Felix Balshaw
- Country (sports): France
- Born: 15 June 2006 (age 20) Leeds, United Kingdom
- Height: 1.91 m (6 ft 3 in)
- Plays: Right-handed (one-handed backhand)
- Coach: Thomas Drouet
- Prize money: US $95,488

Singles
- Career record: 0–1 (at ATP Tour level, Grand Slam level, and in Davis Cup)
- Career titles: 0 1 Challenger
- Highest ranking: No. 193 (14 September 2026)
- Current ranking: No. 195 (21 September 2026)

Doubles
- Career record: 0–0 (at ATP Tour level, Grand Slam level, and in Davis Cup)
- Career titles: 0
- Highest ranking: No. 502 (21 September 2026)
- Current ranking: No. 502 (21 September 2026)

= Felix Balshaw =

French tennis player (born 2006)

Felix Balshaw (born 15 June 2006) is a British-born French tennis player. He has a career-high ATP singles ranking of No. 193 achieved on 14 September 2026 and a doubles ranking of No. 502 achieved on 21 September 2026.

==Career==

===2026: Maiden Challenger title, ATP tour debut, top 200===
In June, Balshaw reached his first Challenger final at the Open de Lyon as a qualifier, losing to David Jordà Sanchis in the final. Two weeks later, he reached his second Challenger final at the INTARO Open, losing to Sumit Nagal in the final.

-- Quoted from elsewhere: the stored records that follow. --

(** * Characters *)

Definition bd_morph (f : F -> RR) :=
  [/\ forall x y, bounded x -> bounded y -> f (x + y) = f x + f y,
      forall x y, bounded x -> bounded y -> f (x * y) = f x * f y,
      f 1 = 1 & forall x, bounded x -> pos x -> 0 <= f x].

Section BoundedMorphism.
Variables (f : F -> RR) (hf : bd_morph f).

Lemma morphD x y : bounded x -> bounded y -> f (x + y) = f x + f y.
Proof. by case: hf => h _ _ _; apply: h. Qed.
Lemma morphM x y : bounded x -> bounded y -> f (x * y) = f x * f y.
Proof. by case: hf => _ h _ _; apply: h. Qed.
Lemma morph1 : f 1 = 1. Proof. by case: hf. Qed.
Lemma morph_ge0 x : bounded x -> pos x -> 0 <= f x.
Proof. by case: hf => _ _ _ h; apply: h. Qed.

Lemma morph0 : f 0 = 0.
Proof. by have := morphD bounded0 bounded0; rewrite addr0; lra. Qed.

Lemma morphN x : bounded x -> f (- x) = - f x.
Proof. by move=> bx; have := morphD (boundedN bx) bx; rewrite addNr morph0; lra. Qed.

Lemma morphB x y : bounded x -> bounded y -> f (x - y) = f x - f y.
Proof. by move=> bx by_; rewrite morphD ?morphN //; exact: boundedN. Qed.

Lemma morph_nat n : f n%:R = n%:R.
Proof.
elim: n => [|n ih]; first exact: morph0.
by rewrite -addn1 !natrD morphD ?ih ?morph1 //; [exact: bounded_nat|exact: bounded1].
Qed.

Lemma morph_int (z : int) : f z%:~R = z%:~R.
Proof.
case: z => n; first by rewrite -!pmulrn morph_nat.
by rewrite NegzE !mulrNz -!pmulrn morphN ?morph_nat //; exact: bounded_nat.
Qed.

Lemma morph_sum (I : Type) (l : seq I) (g : I -> F) :
  (forall i, bounded (g i)) -> f (\sum_(i <- l) g i) = \sum_(i <- l) f (g i).
Proof.
move=> bg; elim: l => [|i l ih]; first by rewrite !big_nil morph0.
by rewrite !big_cons morphD ?ih //; exact: bounded_sum.
Qed.

End BoundedMorphism.

Definition char_of (f : F -> RR) (a : F * F) : RR :=
  if `[< bd le a >] then f (fval a) else 0.

Lemma char_ofE f a : bd le a -> char_of f a = f (fval a).
Proof. by move=> ba; rewrite /char_of asboolT. Qed.

Lemma char_of_bounded f x : bounded x -> char_of f (x, 1) = f x.
Proof. by move=> /bd_bounded bx; rewrite char_ofE // /fval /= recip1 mulr1. Qed.

Lemma char_of_character f : bd_morph f -> is_character le (char_of f).
Proof.
move=> hf; split; first by move=> a nba; rewrite /char_of asboolF.
split; first by move=> a b ba bb e; rewrite !char_ofE // (fval_frac_eq ba bb e).
split.
  move=> a b ba bb; have bab := bd_frac_add ba bb.
  by rewrite !char_ofE // fval_add // (morphD hf (bounded_fval ba) (bounded_fval bb)).
split.
  move=> a b ba bb; have bab := bd_frac_mul ba bb.
  by rewrite !char_ofE // fval_mul // (morphM hf (bounded_fval ba) (bounded_fval bb)).
split; first by rewrite char_of_bounded ?(morph1 hf) //; exact: bounded1.
move=> a ba; rewrite /frac_le /= mul0r mulr1 => pa1.
rewrite char_ofE //; apply: (morph_ge0 hf (bounded_fval ba)).
exact: posM pa1 (pos_recip (bd_loc ba)).
Qed.

Section Character.
Variables (phi : F * F -> RR) (hphi : is_character le phi).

In August, Balshaw made his ATP Tour main draw debut at the 2026 Winston-Salem Open after qualifying for the singles main draw. He lost in the first round.

Later in August, Balshaw won his maiden Challenger title at the Rafa Nadal Open, defeating Iñaki Montes de la Torre in the final. He entered the top 200 as a result.

==Personal life==
He is the son of former rugbyman Iain Balshaw.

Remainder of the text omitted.